『3055』が閉鎖しちゃったので、書いた記事をサルベージするよ。
入稿 2012/11/25
Led Zeppelin / Celebration Day (2012)
disc:1
1. Good Times Bad Times
2. Ramble On
3. Black Dog
4. In My Time Of Dying
5. For Your Life
6. Trampled Under Foot
7. Nobody’s Fault But Mine
8. No Quarter
9. Since I’ve Been Loving You
disc:2
1. Dazed And Confused
2. Stairway To Heaven
3. The Song Remains The Same
4. Misty Mountain Hop
5. Kashmir
6. Whole Lotta Love
7. Rock And Roll
ここまで、パフォーマンスを披露するバンド、それを目撃する観客、さらには作品となった音源を聴くリスナーまでもが、開演時間を緊張して迎えるライヴは、そうない気がする。その、レッド・ツェッペリン一夜限りの再結成ライヴは2007年、ロンドンのO2アリーナで行われた。

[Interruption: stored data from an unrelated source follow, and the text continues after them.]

(* Let $\Gamma_M$ ($M>0$) be a family of nonatomic routing games with a single OD pair, sharing the same graph, path set $\mathcal P$ and edge cost functions $(c_e)_{e\in\mathcal E}$, where $M$ is the traffic demand of the OD pair. Suppose there is a function $c:(0,\infty)\to(0,\infty)$, regularly varying at $\infty$, which is a benchmark for $(c_e)_{e\in\mathcal E}$ at $\infty$, and that the network is tight relative to $c$ at $\infty$, i.e. $0<\alpha<\infty$ where $\alpha=\min_{p\in\mathcal P}\max_{e\in p}\alpha_e$ and $\alpha_e=\lim_{x\to \infty}c_e(x)/c(x)$. Then $\lim_{M\to \infty}\mathrm{PoA}(\Gamma_M)=1$.
   Context: A nonatomic routing game consists of: a finite directed multigraph with edge set $\mathcal E$; a finite set $\mathcal I$ of origin–destination (OD) pairs, each $i\in\mathcal I$ with a demand $m^i\ge 0$ and a nonempty finite set $\mathcal P^i$ of paths from its origin to its destination, the sets $\mathcal P^i$ pairwise disjoint, $\mathcal P=\bigcup_i\mathcal P^i$; and for each edge $e$ a continuous nondecreasing cost function $c_e:[0,\infty)\to[0,\infty)$. The total inflow is $M=\sum_i m^i>0$. A feasible flow is $f\in\mathbb R_+^{\mathcal P}$ with $\sum_{p\in\mathcal P^i}f_p=m^i$ for all $i$; it induces loads $x_e=\sum_{p\ni e}f_p$ and path costs $c_p(f)=\sum_{e\in p}c_e(x_e)$. A Wardrop equilibrium is a feasible flow $f^*$ with $c_p(f^* )\le c_{p'}(f^* )$ for all $i$ and all $p,p'\in\mathcal P^i$ with $f^*_p>0$. The social cost is $L(x)=\sum_e x_e c_e(x_e)$; $\mathrm{Opt}(\Gamma)$ is its minimum over loads induced by feasible flows, $\mathrm{Eq}(\Gamma)=L(x^* )$ for the load of a Wardrop equilibrium (all equilibria have the same social cost), and $\mathrm{PoA}(\Gamma)=\mathrm{Eq}(\Gamma)/\mathrm{Opt}(\Gamma)$; it is assumed throughout that $\mathrm{Opt}(\Gamma)>0$ (if $\mathrm{Opt}=0$ one sets $\mathrm{PoA}=1$). For $\omega\in\{0,\infty\}$, $g:(0,\infty)\to(0,\infty)$ is regularly varying at $\omega$ if $\lim_{t\to\omega}g(tx)/g(t)$ exists and is finite and nonzero for every $x>0$. A function $c$ regularly varying at $\omega$ is a benchmark for the costs $(c_e)$ at $\omega$ if the limit $\alpha_e=\lim_{x\to\omega}c_e(x)/c(x)\in[0,\infty]$ exists for every edge $e$. *)

From HB Require Import structures.
From mathcomp Require Import all_boot all_order all_algebra.
From mathcomp Require Import all_classical all_reals all_analysis.
Set Implicit Arguments. Unset Strict Implicit. Unset Printing Implicit Defensive.
Import Order.TTheory GRing.Theory Num.Theory.
Import numFieldNormedType.Exports.
Local Open Scope classical_set_scope.
Local Open Scope ring_scope.

(* A sequence of edges s of a directed multigraph (edges E, endpoints src/tgt
   in the vertex type V) is a (simple) path from o to d: the i-th edge starts
   where the (i-1)-th ends (the first at o), the last one ends at d, and no
   vertex is visited twice. *)
Definition is_od_path (V E : finType) (src tgt : E -> V) (o d : V) (s : seq E) :=
  [/\ map src s = belast o (map tgt s), last o (map tgt s) = d
    & uniq (o :: map tgt s)].

Section Routing.
Variables (R : realType) (E P : finType) (pth : P -> seq E) (ce : E -> R -> R).

Definition load (f : P -> R) (e : E) : R := \sum_(p : P | e \in pth p) f p.

Definition path_cost (f : P -> R) (p : P) : R := \sum_(e <- pth p) ce e (load f e).

Definition feasible (M : R) : set (P -> R) :=
  [set f | (forall p, 0 <= f p) /\ \sum_(p : P) f p = M].

Definition wardrop (M : R) (f : P -> R) : Prop :=
  feasible M f /\ (forall p p', 0 < f p -> path_cost f p <= path_cost f p').

Definition social_cost (f : P -> R) : R :=
  \sum_(e : E) load f e * ce e (load f e).

Definition opt (M : R) : R := inf [set social_cost f | f in feasible M].

(* PoA(Gamma_M) computed from an equilibrium f (convention PoA = 1 if Opt = 0) *)
Definition poa (M : R) (f : P -> R) : R :=
  if opt M == 0 then 1 else social_cost f / opt M.

Definition alpha_net (alpha : E -> \bar R) : \bar R :=
  (\big[mine/+oo]_(p : P) \big[maxe/-oo]_(e <- pth p) alpha e)%E.

Definition tight (alpha : E -> \bar R) : Prop :=
  (0 < alpha_net alpha < +oo)%E.
End Routing.

Definition regularly_varying_at_infty (R : realType) (g : R -> R) : Prop :=
  (forall t, 0 < t -> 0 < g t) /\
  (forall x : R, 0 < x -> exists2 l : R, l != 0 & g (t * x) / g t @[t --> +oo] --> l).

(* The monotone cost of an edge with [0 < alpha_e < +oo] upgrades the regular
   variation of [c] to [c (M s) / c M --> s ^ rho] for some [rho >= 0]
   (monotonicity replaces the measurability in Karamata's theorem).  On an edge
   with finite [alpha_e], [c_e (M s) / c M] then tends to [alpha_e s ^ rho], and
   convexity of [s ^ (rho + 1)] makes [x c_e x] lie above its tangent-like line
   at [y], of slope [(rho + 1) c_e y], up to [o (M c M)] uniformly on [[0, M]].
   Adding [rho + 1] times the variational inequality of the equilibrium gives
   [Eq <= L (f) + o (M c M)] for every feasible [f]; edges with infinite [alpha_e]
   carry only [o (M)] load unless [f] is already worse than the equilibrium.
   Tightness puts [Opt] at the order of [M c M]: every path crosses an edge with
   [alpha_e >= alpha], one of which carries [M / |E|]. *)

From HB Require Import structures.
From mathcomp Require Import all_boot all_order all_algebra.
From mathcomp Require Import all_classical all_reals all_analysis.
From mathcomp Require Import ring lra.
Import Order.TTheory GRing.Theory Num.Theory.
Import numFieldNormedType.Exports.
Local Open Scope classical_set_scope.
Local Open Scope ring_scope.

Set Implicit Arguments. Unset Strict Implicit. Unset Printing Implicit Defensive.

Section PowerLaws.
Variable R : realType.

Lemma additive_monotone_linear (L : R -> R) :
  {morph L : u v / u + v} -> {homo L : u v / u <= v} -> forall u, L u = u * L 1.
Proof.
move=> Ladd Lmon.
have L0 : L 0 = 0 by have := Ladd 0 0; rewrite addr0; lra.
have LN u : L (- u) = - L u by have := Ladd u (- u); rewrite subrr L0; lra.
have LMn (n : nat) u : L (n%:R * u) = n%:R * L u.
  elim: n => [|n IH]; first by rewrite !mul0r.
  by rewrite -natr1 !mulrDl !mul1r Ladd IH.
have Ln (n : nat) : L n%:R = n%:R * L 1 by rewrite -LMn mulr1.
have L1_ge0 : 0 <= L 1 by rewrite -L0 Lmon.
suff Lpos u : 0 <= u -> L u = u * L 1.
  move=> u; have [/Lpos //|u_lt0] := lerP 0 u.
  by rewrite -[u]opprK LN Lpos ?mulNr // oppr_ge0 ltW.
move=> u_ge0; set d := `|L u - u * L 1|.
(* sandwiching [n u] between consecutive integers gives [n d <= L 1] for all [n] *)
have nd_le n : n%:R * d <= L 1.
  set m := Num.truncn (n%:R * u).
  have m_le : m%:R <= n%:R * u by rewrite truncn_le mulr_ge0.
  have m_gt : n%:R * u < m.+1%:R by apply: truncnS_gt.
  have Lm_le : m%:R * L 1 <= n%:R * L u by rewrite -Ln -LMn Lmon.
  have Lm_ge : n%:R * L u <= m.+1%:R * L 1 by rewrite -Ln -LMn Lmon // ltW.
  have := ler_wpM2r L1_ge0 m_le; have := ler_wpM2r L1_ge0 (ltW m_gt).
  rewrite -natr1 in Lm_ge *; rewrite /d -[n%:R]ger0_norm // -normrM ler_norml.
  by move=> h1 h2; apply/andP; split; nra.
apply/eqP; rewrite -subr_eq0 -normr_eq0 -/d eq_le normr_ge0 andbT leNgt.
apply/negP => d_gt0.
have /archi_boundP := divr_ge0 L1_ge0 (ltW d_gt0).
by rewrite ltr_pdivrMr // => /lt_le_trans /(_ (nd_le _)); rewrite ltxx.
Qed.

Lemma expR_bernoulli (r u : R) : 0 <= r ->
  1 + (r + 1) * (expR u - 1) <= expR ((r + 1) * u).
Proof.
move=> r_ge0.
have eu_gt0 := expR_gt0 u.
have eru := expR_ge1Dx (r * u).
have euN : expR u * expR (- u) = 1 by rewrite -expRD subrr expR0.
have := expR_ge1Dx (- u); rewrite -(ler_pM2l eu_gt0) mulrDr mulr1 euN => eNu.
have -> : expR ((r + 1) * u) = expR (r * u) * expR u by rewrite mulrDl mul1r expRD.
have := ler_wpM2l (ltW eu_gt0) eru; nra.
Qed.

Lemma powR_tangent (r s t : R) : 0 <= r -> 0 <= s -> 0 < t ->
  (r + 1) * t `^ r * (s - t) <= s * s `^ r - t * t `^ r.
Proof.
move=> r_ge0 s_ge0 t_gt0; have ttr_gt0 : 0 < t * t `^ r by rewrite mulr_gt0 ?powR_gt0.
have [->|s_neq0] := eqVneq s 0; first by rewrite !mul0r sub0r; nra.
have s_gt0 : 0 < s by rewrite lt0r s_neq0.
have powE x : 0 < x -> x * x `^ r = expR ((r + 1) * ln x).
  by move=> x_gt0; rewrite /powR gt_eqF // mulrDl mul1r expRD lnK // mulrC.
have -> : (r + 1) * t `^ r * (s - t) = t * t `^ r * ((r + 1) * (s / t - 1)).
  by field; rewrite gt_eqF.
have := expR_bernoulli (ln s - ln t) r_ge0.
rewrite expRB !lnK // -(ler_pM2l ttr_gt0) mulrDr mulr1 (powE s) // (powE t) //.
rewrite -expRD -mulrDr subrKC; lra.
Qed.

End PowerLaws.

Section PinftyScaling.
Variable R : realType.

Lemma near_pinfty_scale (s : R) (P : R -> Prop) : 0 < s ->
  (\forall x \near +oo, P x) -> \forall x \near +oo, P (x * s).
Proof.
move=> s_gt0 [M [M_real PM]]; exists (M / s); split; first exact: num_real.
by move=> x; rewrite ltr_pdivrMr //; exact: PM.
Qed.

Lemma cvg_pinfty_scale (T : Type) (G : set_system T) (f : R -> T) (s : R) :
  0 < s -> f x @[x --> +oo] --> G -> f (x * s) @[x --> +oo] --> G.
Proof. by move=> s_gt0 fG A /fG; exact: near_pinfty_scale. Qed.

End PinftyScaling.

Lemma near_forall_leq (T : Type) (F : set_system T) (P : nat -> T -> Prop) (n : nat) :
  Filter F -> (forall i, (i <= n)%N -> \forall x \near F, P i x) ->
  \forall x \near F, forall i, (i <= n)%N -> P i x.
Proof.
move=> FF FP; have := filter_forall FF (fun i : 'I_n.+1 => FP i (ltn_ord i)).
by apply: filterS => x Px i i_le; exact: (Px (Ordinal (i_le : (i < n.+1)%N))).
Qed.

Section TangentGap.
Variable R : realType.
Implicit Types (r a s t x y : R) (G : R -> R).

(* For [G x = a x^r] and [k = r + 1], this is the gap between the convex function
   [x G x] and its tangent line at [y]. *)
Definition tangent_gap (k : R) G x y := x * G x - y * G y - k * G y * (x - y).

Lemma tangent_gap_scale k G x y (M C : R) : 0 < M -> 0 < C ->
  tangent_gap k G x y = M * C * tangent_gap k (fun s => G (M * s) / C) (x / M) (y / M).
Proof.
move=> M_gt0 C_gt0; have MK z : M * (z / M) = z by rewrite mulrC divfK // lt0r_neq0.
by rewrite /tangent_gap !MK; field; rewrite !lt0r_neq0.
Qed.

Lemma powR_le1 r x : 0 <= r -> 0 <= x <= 1 -> x `^ r <= 1.
Proof.
move=> r_ge0 /andP[x_ge0 x_le1].
have -> : 1 = 1 `^ r :> R by rewrite powR1.
by rewrite ge0_ler_powR // nnegrE.
Qed.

オープニングの『Good Times Bad Times』では、緊張感が先に立って演奏が硬い印象。しかし曲が進んでいくと、伝説のツェッペリンが、その巨体を空に浮かべるように、演奏は格段にのってくる。
ロバート・プラントはキーが下がっているものの、超高音ではない部分で表現力は健在。ジミー・ペイジのギターからは、複雑なロックの名リフたちが次々を放たれ、ジョン・ポール・ジョーンズはベース、キーボードと、ツェッペリンのリズムと音空間に表情をつけていく。そして、ジョン・ボーナムの実子、一番プレッシャーがかかっていたであろうジェイソン・ボーナムは、見事にバンドのグルーヴを牽引している。

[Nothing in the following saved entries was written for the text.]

(* Let $X=[x_1\ \cdots\ x_N]\in\mathbb{R}^{n\times N}$ with $\operatorname{rank}(X)=n$, let $m=\nu_n(X)$, and assume $N\ge s\,m$. For $\Lambda=[\eta_1\ \cdots\ \eta_s]\in\mathbb{R}^{n\times s}$ define $$g(\Lambda)=\min\Big\{\sum_{i=1}^s\|X_{J_i}^\top\eta_i\|_1:\ J_1,\ldots,J_s\subset\mathbb{T}\text{ pairwise disjoint},\ |J_i|\ge m\ \forall i\Big\},$$ $\|\Lambda\|_{2,\mathrm{col}}=\sum_{i=1}^s\|\eta_i\|_2$, and $D=\inf\{g(\Lambda):\|\Lambda\|_{2,\mathrm{col}}=1\}$. Then $$D\ge\gamma_m\ge\min_{I\subset\mathbb{T},\,|I|=m}\lambda_{\min}^{1/2}\big(X_IX_I^\top\big),$$ where $\gamma_m=\inf\{\|X_I^\top\eta\|_1:\eta\in\mathbb{R}^n,\ \|\eta\|_2=1,\ I\subset\mathbb{T},\ |I|\ge m\}$.
   Context: $\mathbb{T}=\{1,\ldots,N\}$. $X_I$ denotes the submatrix of $X$ formed by the columns indexed by $I$. $\lambda_{\min}(\cdot)$ is the smallest eigenvalue of a symmetric matrix. Genericity index: $\nu_n(X)$ is the smallest integer $m$ such that for every $\mathcal{S}\subset\mathbb{T}$ with $|\mathcal{S}|=m$, $\operatorname{rank}(X_{\mathcal{S}})=n$. *)

From HB Require Import structures.
From mathcomp Require Import all_boot all_order all_algebra.
From mathcomp Require Import boolp classical_sets reals.
Set Implicit Arguments. Unset Strict Implicit. Unset Printing Implicit Defensive.
Import Order.TTheory GRing.Theory Num.Theory.
Local Open Scope ring_scope.

Section Defs.
Variable R : realType.

(* X_I : the submatrix of X formed by the columns indexed by I (in increasing order). *)
Definition subcols (n N : nat) (X : 'M[R]_(n, N)) (I : {set 'I_N}) : 'M[R]_(n, #|I|) :=
  colsub (fun k : 'I_#|I| => enum_val k) X.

序盤の手探り状態から、ぐんぐんとバンドの温度が上がっていく様子がリアルに感じられて面白い。中盤になるともう、オリジナルとキーが変わっていることも気にならないくらいに集中して、ツェッペリン・マジックを向き合っている自分に気付く。
過去に数回行われた再結成は、万全なものとはいえなかった。そしてメンバーの発言を聞くかぎり、この先再び彼らが集まって活動することはないようだ。21世紀のレッド・ツェッペリンは、ボンゾの不在やメンバーの年齢などといった条件がある中、考えうる最高の演奏をしてくれた。バンドの有終が詰まった作品といっていいだろう。(Jeff Goldsmith)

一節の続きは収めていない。